Imagine you are working as a nurse at the intensive care department in a hospital. Statistics show you will hear 150 to 200 hospital alarms a day, of which approximately 90% is false. This creates a lot of unnecessary and avoidable amount of stress. Moreover, there might be a risk that legit hospital alarms would not stand out among the false hospital alarms. This also leads to stressful situations for patients and their families. Hospital alarms can also disrupt the development of premature babies. Although it is hard to imagine modern health care without these hospital alarms, they might be destructive in the situations as described above. Existing hospital alarms no longer provide sufficient safety.
One of the challenges is the amount of data in a electronic health record (EHR). Traditional models choose a limited number of variables, resulting in – either negative or positive – false hospital alarms. An effective alarm merely goes off when a serious complication evolves, a doctor recognizes the alarm as symptomatic for the said issue and the required expertise to address the issue at hand exists.
The Máxima Medisch Centrum and the Technical University in Eindhoven, the Netherland, are cooperating to tackle these problems. Algorithms can help ringing more useful hospital alarms. Data of sensors of someone’s breathing and heartbeat can be combined, which results in an alarm that rings 20 seconds earlier when detecting an irregularity of the breathing and the heartbeat. Through Machine Learning, relations and patterns can be recognized which would not be recognized by humans. For example, mathematical models are able to detect potentially dangerous movements of the premature babies in their incubators by linking these movements to previous situations. This type of Artificial Intelligence is able to learn “baselines” and consolidates real-time trends to process alarms. As a result, currently disintegrated hospital alarms could transform into a more undivided, patient-centered analytic monitoring model. In this modern approach, the core transfers from individual hospital alarms to an integrated set of data from all patient-related equipment.

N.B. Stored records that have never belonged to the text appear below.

(* Write $\dfrac{(q;q)_\infty^4}{(q^2;q^2)_\infty^2(q^4;q^4)_\infty}=\sum_{n\ge0}a_nq^n$. Then for all $n\ge0$: $a_n>0$ if $n\equiv0,2\pmod4$, $a_n<0$ if $n\equiv1\pmod4$, and $a_n=0$ if $n\equiv3\pmod4$.
   Context: For $|q|<1$, $(a;q)_\infty=\prod_{k\ge0}(1-aq^k)$. *)

(* Formal power series in q with integer coefficients,
   handled through truncations by polynomials in {poly int}. *)
From mathcomp Require Import all_boot all_order all_algebra.
Set Implicit Arguments. Unset Strict Implicit. Unset Printing Implicit Defensive.
Import Order.TTheory GRing.Theory Num.Theory.
Local Open Scope ring_scope.

(* Truncation of (q^j;q^j)_oo = prod_{k>=0} (1 - q^{j(k+1)}) keeping the
   factors k+1 = 1..N; for j >= 1 it agrees with the infinite product in
   all coefficients of degree <= N. *)
Definition poch_trunc (j N : nat) : {poly int} :=
  \prod_(1 <= k < N.+1) (1 - 'X^(k * j)).

(* Truncation of 1/(q^j;q^j)_oo = prod_{k>=1} sum_{i>=0} q^{ijk}; for j >= 1
   it agrees with the formal power series in all coefficients of degree <= N. *)
Definition inv_poch_trunc (j N : nat) : {poly int} :=
  \prod_(1 <= k < N.+1) \sum_(0 <= i < N.+1) 'X^(i * k * j).

Definition a_coef (n : nat) : int :=
  ((poch_trunc 1 n) ^+ 4 * (inv_poch_trunc 2 n) ^+ 2 * inv_poch_trunc 4 n)`_n.

(* Since (q;q)_oo = (q;q^2)_oo (q^2;q^2)_oo, letting n grow in the finite Jacobi
   triple product
     prod_(i < 2n) (1 - q^(2i+1))^2 = sum_k (-1)^k q^((k-2n)^2) [4n choose k]_(q^2)
   gives Gauss's identity (q;q)_oo^2 / (q^2;q^2)_oo = sum_(j in Z) (-1)^j q^(j^2).
   So the series is theta(-q)^2 / (q^4;q^4)_oo with theta(q) = sum_j q^(j^2), and
   a_n = (-1)^n b_n where theta(q)^2 / (q^4;q^4)_oo = sum_n b_n q^n has nonnegative
   coefficients.  A sum of two squares is 0, 1 or 2 mod 4 and 1/(q^4;q^4)_oo only
   involves powers q^(4m), so b_n = 0 when n = 3 mod 4; otherwise the residue r of n
   is 0, 1^2 + 0^2 or 1^2 + 1^2, and the term q^r q^(n - r) gives b_n >= 1.
   Every identity is proved for truncations, as an equality of the coefficients of
   degree at most n. *)

From mathcomp Require Import all_boot all_order all_algebra.
From mathcomp Require Import zify ring.
Import Order.TTheory GRing.Theory Num.Theory.
Local Open Scope ring_scope.
Set Implicit Arguments. Unset Strict Implicit.

(** * Power series modulo X^(n+1) *)

Section TruncatedEquality.
Variable R : nzRingType.
Implicit Types p q : {poly R}.

Definition eq_upto (n : nat) p q := forall i, (i <= n)%N -> p`_i = q`_i.

Lemma eq_upto_refl n p : eq_upto n p p. Proof. by []. Qed.

Lemma eq_upto_sym n p q : eq_upto n p q -> eq_upto n q p.
Proof. by move=> e i hi; rewrite e. Qed.

Lemma eq_upto_trans n p q r : eq_upto n p q -> eq_upto n q r -> eq_upto n p r.
Proof. by move=> e1 e2 i hi; rewrite e1 // e2. Qed.

Lemma eq_uptoD n p q p' q' : eq_upto n p p' -> eq_upto n q q' -> eq_upto n (p + q) (p' + q').
Proof. by move=> e1 e2 i hi; rewrite !coefD e1 // e2. Qed.

Lemma eq_uptoM n p q p' q' : eq_upto n p p' -> eq_upto n q q' -> eq_upto n (p * q) (p' * q').
Proof.
move=> e1 e2 i hi; rewrite !coefM; apply: eq_bigr => k _.
have hk := ltn_ord k; rewrite e1 ?e2 //; lia.
Qed.

Lemma eq_upto_mulr1 n p q : eq_upto n q 1 -> eq_upto n (p * q) p.
Proof. by move=> e; rewrite -[X in eq_upto _ _ X]mulr1; apply: eq_uptoM. Qed.

Lemma eq_upto_sum n (I : Type) (r : seq I) (P : pred I) (F G : I -> {poly R}) :
  (forall i, P i -> eq_upto n (F i) (G i)) ->
  eq_upto n (\sum_(i <- r | P i) F i) (\sum_(i <- r | P i) G i).
Proof.
move=> e; elim/big_rec2: _ => [|i x y Pi exy]; first exact: eq_upto_refl.
exact: eq_uptoD (e _ Pi) exy.
Qed.

Lemma eq_upto_prod1 n (I : Type) (r : seq I) (P : pred I) (F : I -> {poly R}) :
  (forall i, P i -> eq_upto n (F i) 1) -> eq_upto n (\prod_(i <- r | P i) F i) 1.
Proof.
move=> e; elim/big_rec: _ => [|i x Pi ex]; first exact: eq_upto_refl.
by rewrite -[1]mulr1; apply: eq_uptoM (e _ Pi) ex.
Qed.

Lemma eq_upto_XnM n k p : (n < k)%N -> eq_upto n ('X^k * p) 0.
Proof. by move=> hk i hi; rewrite coefXnM coef0 ifT //; lia. Qed.

Lemma eq_upto_1subXn n k : (n < k)%N -> eq_upto n (1 - 'X^k) 1.
Proof.
by move=> hk i hi; rewrite coefB coefXn (_ : i == k = false) ?subr0 //; apply/eqP; lia.
Qed.

End TruncatedEquality.

Lemma eq_upto_cancel (R : comNzRingType) n (p q u v : {poly R}) :
  eq_upto n (u * v) 1 -> eq_upto n (p * v) (q * v) -> eq_upto n p q.
Proof.
move=> uv pq; apply: (@eq_upto_trans _ _ _ (p * v * u)).
  by apply: eq_upto_sym; rewrite -mulrA [v * u]mulrC; apply: eq_upto_mulr1.
apply: (@eq_upto_trans _ _ _ (q * v * u)); first exact: eq_uptoM.
by rewrite -mulrA [v * u]mulrC; apply: eq_upto_mulr1.
Qed.

Lemma coefM_eq0 (R : nzRingType) (p q : {poly R}) i :
  (forall j, (j <= i)%N -> p`_j = 0 \/ q`_(i - j) = 0) -> (p * q)`_i = 0.
Proof.
move=> h; rewrite coefM big1 // => j _.
by have [->|->] := h j (ltn_ord j); rewrite ?mul0r ?mulr0.
Qed.

Lemma coef_comp_polyNX (R : comNzRingType) (p : {poly R}) i :
  (p \Po (- 'X))`_i = (-1) ^+ i * p`_i.
Proof.
elim/poly_ind: p i => [|p c IH] i; first by rewrite comp_poly0 !coef0 mulr0.
rewrite comp_poly_MXaddC !coefD !coefC mulrN coefN !coefMX.
case: i => [|i] /=; first by rewrite oppr0 add0r expr0 mul1r.
by rewrite IH !addr0 exprS mulN1r mulNr.
Qed.

Lemma poch_trunc0 d : poch_trunc d 0 = 1.
Proof. by rewrite /poch_trunc big_geq. Qed.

Some of these solutions can already be implemented, while others would take years before they become beneficial. This can be caused by strict regulations for medical equipment. However, Machine Learning could really help to prevent the negative consequences of a hospitalization.
Sources:
Rajkomar, A., Oren, E., Chen, K., Dai, A., Hajaj, N., Hardt, M., Liu, P., Liu, X., Marcus, J., Sun, M., Sundberg, P., Yee, H., Zhang, K., Zhang, Y., Flores, G., Duggan, G., Irvine, J., Le, Q., Litsch, K., Mossin, A., Tansuwan, J., Wang, D., Wexler, J., Wilson, J., Ludwig, D., Volchenboum, S., Chou, K., Pearson, M., Madabushi, S., Shah, N., Butte, A., Howell, M., Cui, C., Corrado, G. and Dean, J. (2018). Scalable and accurate deep learning with electronic health records. NPJ Digital Medicine, 1(1).
Chopra, V. and McMahon, L. (2014). Redesigning Hospital Alarms for Patient Safety. JAMA, 311(12), p.1199.
Nederlandse Omroep Stichting. Slimme algoritmes moeten ‘alarmstress’ in ziekenhuis voorkomen. Derived from:
https://nos.nl/artikel/2298745-slimme-algoritmes-moeten-alarmstress-in-ziekenhuis-voorkomen.html

Dear Juliëtte,
A friend of mine studies Medical School and we were touching upon the subject of machine learning in healthcare yesterday. We thought about the many possibilities in which machine learning can improve healthcare, just like you say in this article. We did not talk about hospital alarms or premature babies so I enjoyed reading about more possibilities.
Although there is a lot of potential, I can also imagine one troubling downside. If the AI or ML system decides wrongly, there is no one to take the blame. Family of patients will not accept that their relative is harmed or died because of an AI or ML system that decided wrongly. Although humans make mistakes as well, human mistakes are more acceptable to people than the idea that a robot made a mistake but a human perhaps would have done better if they handled it. If incidents happen, patients will demand to be cared for by humans rather than robots or ML systems…
Either way, it is important that data scientists find their way towards healthcare. Perhaps University should start some tracks for students towards this study path.